Challenges and priorities: how the European Union can support Ukrainian agricultural producers in adapting to changing conditions: access to new markets, sustainable rural development, demining and land regeneration, environmental protection, and food security. What are the agricultural issues that Ukraine faces in the context of EU integration?
These problems were key to the dialogue between Ukrainian farmers and Andryus Kubilius, a member of the European Parliament who served as Prime Minister of Lithuania in 1999-2000 and 2008-2012.
“Mr. Kubilius has real experience because it was during his presidency that Lithuania became a member of the European family. The experience of this Baltic country’s European integration is significant for Ukraine in general, and for Ukrainian farmers in particular, said Roman Makukhin, a member of the National Interests Advocacy Network “ANTS” and the meeting’s moderator.
Small farmer and family farms course
“In order for this to become achievable in the near future, it is required to tackle practical problems: presently the priority for Ukrainian small and family farmers is the issue of crediting and insuring of production machinery, equipment and land resources. And farmer cooperation based on European models necessitates engagement and the repair of confidence amongst farmers after generations of collectivization and the collapse of communal farms. But, combining these responsibilities would have the greatest impact, according to Michel Tereshchenko, the largest shareholder of Volodarsko-Volyn Flax Factory PJSC, citing the experience of France, where 70% of the cooperative movement is in agriculture.

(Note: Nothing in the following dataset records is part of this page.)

Lemma eigen_yhat (B : 'M[int]_n) x y (g : 'I_n -> int) :
  (forall j, eig (x j) (g j)) -> yhat_deg0 B y g -> forall j, eig (yhat B x y j) 0.
Proof.
move=> xg yg j; rewrite -(yg j); apply: (eigenM m0); first exact: eigen_temb.
by apply: (eigen_prod m0) => l _; apply/eigenXz.
Qed.

Lemma eigen_mutx (k : 'I_n) (B : 'M[int]_n) x y (g : 'I_n -> int) :
  (forall j, eig (x j) (g j)) -> yhat_deg0 B y g ->
  forall j, eig (mutx k B x y j) (mut_grading k B y g j).
Proof.
move=> xg yg j; rewrite /mutx /mut_grading; case: eqP => _; last exact: xg.
have sum0 : eig (\sum_(s < (d k).+1) fz d k s * yhat B x y k ^+ s) 0.
  apply: eigen_sum => s _.
  by have := eigenM m0 (eigen_fz k s) (eigenXn s (eigen_yhat xg yg k)); rewrite mul0r addr0.
suff : eig ((x k)^-1 * (\prod_(l < n) x l ^ pp (- B l k)) ^+ d k
    * (\sum_(s < (d k).+1) fz d k s * yhat B x y k ^+ s) / temb d (tsum d k (y k)))
  (- g k + (\sum_l g l * pp (- B l k)) * (d k)%:Z + 0 - trop_deg (tsum d k (y k))).
  by rewrite addr0.
apply: (eigenM m0); last exact/eigenV/eigen_temb.
apply: (eigenM m0) sum0; apply: (eigenM m0); first exact/eigenV/xg.
by apply/eigenXn/(eigen_prod m0) => l _; apply/eigenXz.
Qed.

End Scaling.

Definition graded_seed (S : seed d) : Prop := exists g : 'I_n -> int,
  (forall m sigma, (0 < m)%N -> deg_scaling m sigma ->
     forall j, eigen sigma m%:R (sx S j) (g j))
  /\ yhat_deg0 (sB S) (sy S) g.

Lemma graded_seed_mutate k S : sB S k k = 0 -> graded_seed S -> graded_seed (mutate k S).
Proof.
move=> Bkk [g [xg yg]]; exists (mut_grading k (sB S) (sy S) g); split.
  by move=> m sigma m_gt0 sigmaE; apply: eigen_mutx => //; apply: xg.
exact: yhat_deg0_mutate.
Qed.

Lemma graded_init_seed : graded_seed (init_seed d B0).
Proof.
exists (fun j => (j == r)%:Z); split => [m sigma m_gt0 sigmaE j|j] /=.
  by rewrite /eigen sigmaE var_deg_x.
rewrite trop_deg_tvar (bigD1 r) //= eqxx mul1r big1 ?addr0 ?addNr // => l lr.
by rewrite (negbTE lr) mul0r.
Qed.

Lemma graded_seed_at w : skew_symmetrizable B0 -> graded_seed (seed_at d B0 w).
Proof.
rewrite /seed_at => skB; have : skew_symmetrizable (sB (init_seed d B0)) by [].
elim: w (init_seed d B0) graded_init_seed => [|k w IH] S //= gS skS.
apply: IH; last exact: skew_symmetrizable_mutB.
exact: graded_seed_mutate (skew_symmetrizable_diag _ skS) gS.
Qed.

End Degree.

Lemma char0_natr_inj (R : idomainType) : has_char0 R -> injective (fun m : nat => m%:R : R).
Proof.
move/pcharf0P=> R0 m k /eqP mk; apply/eqP.
wlog le_km : m k mk / (k <= m)%N.
  move=> IH; case: (leqP k m) => [|/ltnW] km; first exact: IH.
  by rewrite eq_sym; apply: IH; rewrite // eq_sym.
by rewrite -subr_eq0 -natrB // R0 subn_eq0 in mk; rewrite eqn_leq mk le_km.
Qed.

Lemma poly_natr_roots_eq0 (R : idomainType) (p : {poly R}) : has_char0 R ->
  (forall m : nat, (0 < m)%N -> root p m%:R) -> p = 0.
Proof.
move=> R0 p_roots; apply/eqP/negPn/negP => p0.
suff : (size p < size p)%N by rewrite ltnn.
rewrite -[X in (X < _)%N](size_iota 0) -(size_map (fun i => i.+1%:R : R)).
apply: max_poly_roots p0 _ _; first by apply/allP => _ /mapP[i _ ->]; apply: p_roots.
by rewrite map_inj_uniq ?iota_uniq // => i j /(char0_natr_inj R0) [].
Qed.

Lemma scaled_sum_component (F : fieldType) (I : finType) (P : pred I) (u : I -> F)
    (a : I -> int) (G : int) (X : F) : has_char0 F ->
  (forall m : nat, (0 < m)%N -> \sum_(i | P i) m%:R ^ a i * u i = m%:R ^ G * X) ->
  \sum_(i | P i && (a i == G)) u i = X.
Proof.
move=> F0 scaled.
set N : nat := (\max_i `|a i| + `|G|)%N.
have aN i : 0 <= a i + N%:Z by have := @leq_bigmax _ (fun i => `|a i|%N) i; lia.
have GN : 0 <= G + N%:Z by lia.
set q : {poly F} := \sum_(i | P i) u i *: 'X^(absz (a i + N%:Z)) - X *: 'X^(absz (G + N%:Z)).
have q0 : q = 0.
  apply: (@poly_natr_roots_eq0 _ _ F0) => m m_gt0; apply/rootP.
  have m0 : m%:R != 0 :> F by rewrite ((pcharf0P _).1 F0); exact: lt0n_neq0.
  rewrite /q hornerD hornerN hornerZ hornerXn horner_sum.
  rewrite (eq_bigr (fun i => m%:R ^+ N * (m%:R ^ a i * u i))) => [|i _]; last first.
    by rewrite hornerZ hornerXn [m%:R ^+ _]exprnP gez0_abs ?aN // expfzDr // -exprnP; ring.
  by rewrite -big_distrr /= scaled // [m%:R ^+ `|_|]exprnP gez0_abs // expfzDr // -exprnP; ring.
have := congr1 (fun p : {poly F} => p`_(absz (G + N%:Z))) q0.
rewrite coefB coefZ coefXn eqxx mulr1 coef0 coef_sumMXn => /subr0_eq <-.
apply: eq_bigl => i; congr (_ && _); apply/eqP/eqP => [-> //|].
by have := aN i; lia.
Qed.

Lemma homogeneous_part n (d : 'I_n -> nat) (B0 : 'M[int]_n) (L : seq (int * mono n))
    (X : Fld d) (G : 'I_n -> int) :
  (forall r m sigma, (0 < m)%N -> deg_scaling B0 r m sigma -> eigen sigma m%:R X (G r)) ->
  lpoly d L = X ->
  lpoly d [seq t <- L | [forall r, mdeg B0 t.2 r == G r]] = X.
Proof.
move=> XG LX; pose t0 : int * mono n := (0, (fun=> 0, fun=> 0%N)).
pose u (j : 'I_(size L)) := (nth t0 L j).1%:~R * monv d (nth t0 L j).2.
pose deg (j : 'I_(size L)) := mdeg B0 (nth t0 L j).2.
have lpolyE Q : lpoly d [seq t <- L | Q t] = \sum_(j < size L | Q (nth t0 L j)) u j.
  by rewrite /lpoly big_filter (big_nth t0) big_mkord.
have part (rs : seq 'I_n) : \sum_(j | all (fun r => deg j r == G r) rs) u j = X.
  elim: rs => [|r rs IH] /=; first by rewrite -LX -[L in lpoly d L]filter_predT lpolyE.
  rewrite (eq_bigl (fun j => all (fun r => deg j r == G r) rs && (deg j r == G r))) => [|j];
    last by rewrite andbC.
  apply: (scaled_sum_component (a := fun j => deg j r) (FF_char0 _)) => m m_gt0.
  have [sigma sigmaE] := scaling_morphism (Nvars d) (var_deg B0 r) m_gt0.
  rewrite -(XG r m sigma m_gt0 sigmaE) -{1}IH rmorph_sum; apply: eq_bigr => j _.
  by rewrite rmorphM /= rmorph_int (eigen_monv m_gt0 sigmaE) mulrCA.
rewrite lpolyE -(part (enum 'I_n)); apply: eq_bigl => j.
by apply/forallP/allP => [h r _|h r]; [exact: h | exact/h/mem_enum].
Qed.

Theorem mainTheorem10 (n : nat) (d : 'I_n -> nat) (B : 'M[int]_n)
  (hd : forall i, (0 < d i)%N) (hB : skew_symmetrizable B)
  (w : seq 'I_n) (hw : reduced w) (i : 'I_n)
  (L : seq (int * mono n))
  (hL : lpoly d L = sx (seed_at d B w) i) :
  homogeneous d B L.
Proof.
have /fin_all_exists[G XG] : forall r, exists G : int, forall m sigma, (0 < m)%N ->
    deg_scaling B r m sigma -> eigen sigma m%:R (sx (seed_at d B w) i) G.
  move=> r; have [g [xg _]] := graded_seed_at d r w hB.
  by exists (g i) => m sigma m_gt0 sigmaE; apply: xg.
exists G, [seq t <- L | [forall r, mdeg B t.2 r == G r]]; split; first exact: filter_all.
by rewrite hL; apply: homogeneous_part.
Qed.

It is worth noting that, based on specific production proposals given by farmers during the meeting, individuals in attendance underlined the necessity to establish new or reactivate previously active associations of family farms and small farmers. By the engagement of specialist financial and technical support from the EU, this will help increase legislative lobbying and promotion of such producers’ interests, as well as the development of collaboration and support for professional education of Ukrainian farmers.
The emphasis is on niche initiatives and adding value
Ukraine will require innovative methods to rural development throughout the post-war reconstruction period, based on working models of agricultural output with added value.
“New specialty projects could boost not only the Ukrainian agricultural economy, but also the EU’s competitiveness. Yet, it should be noted that they should all be based on the expanding global need for nutritious and functional food. Take, for example, Ukrainian firms that are already engaged in amaranth cultivation and processing. Despite the war, they obtain a fair price for their wares,” according to Roman Makukhin.
During the conference, Oleksandr Duda, the head of the NGO “Association of Amaranth and Amaranth Products Producers” discussed the prospects for developing unique amaranth-based goods. Andryus Kubilyus, for his part, stated that such creative projects can gain maximal EU support and boost the competitiveness of the Ukrainian agriculture sector.
The European Green Agreement is a challenge and also a chance for Ukraine
The European Green Deal has had a considerable impact on the greening of agricultural production across the EU. This is a challenge for our country because it will necessitate the restoration of war-damaged agricultural lands as well as significant improvements in the ecological approach to land use. At the same time, this “green course” represents a new opportunity for our producers, particularly organic products.
Therefore, Evgenia Yushchenko, the leader of the NGO “Biodynamics of Ukraine,” emphasized the great efficacy of biodynamic methods in restoring agricultural fertility.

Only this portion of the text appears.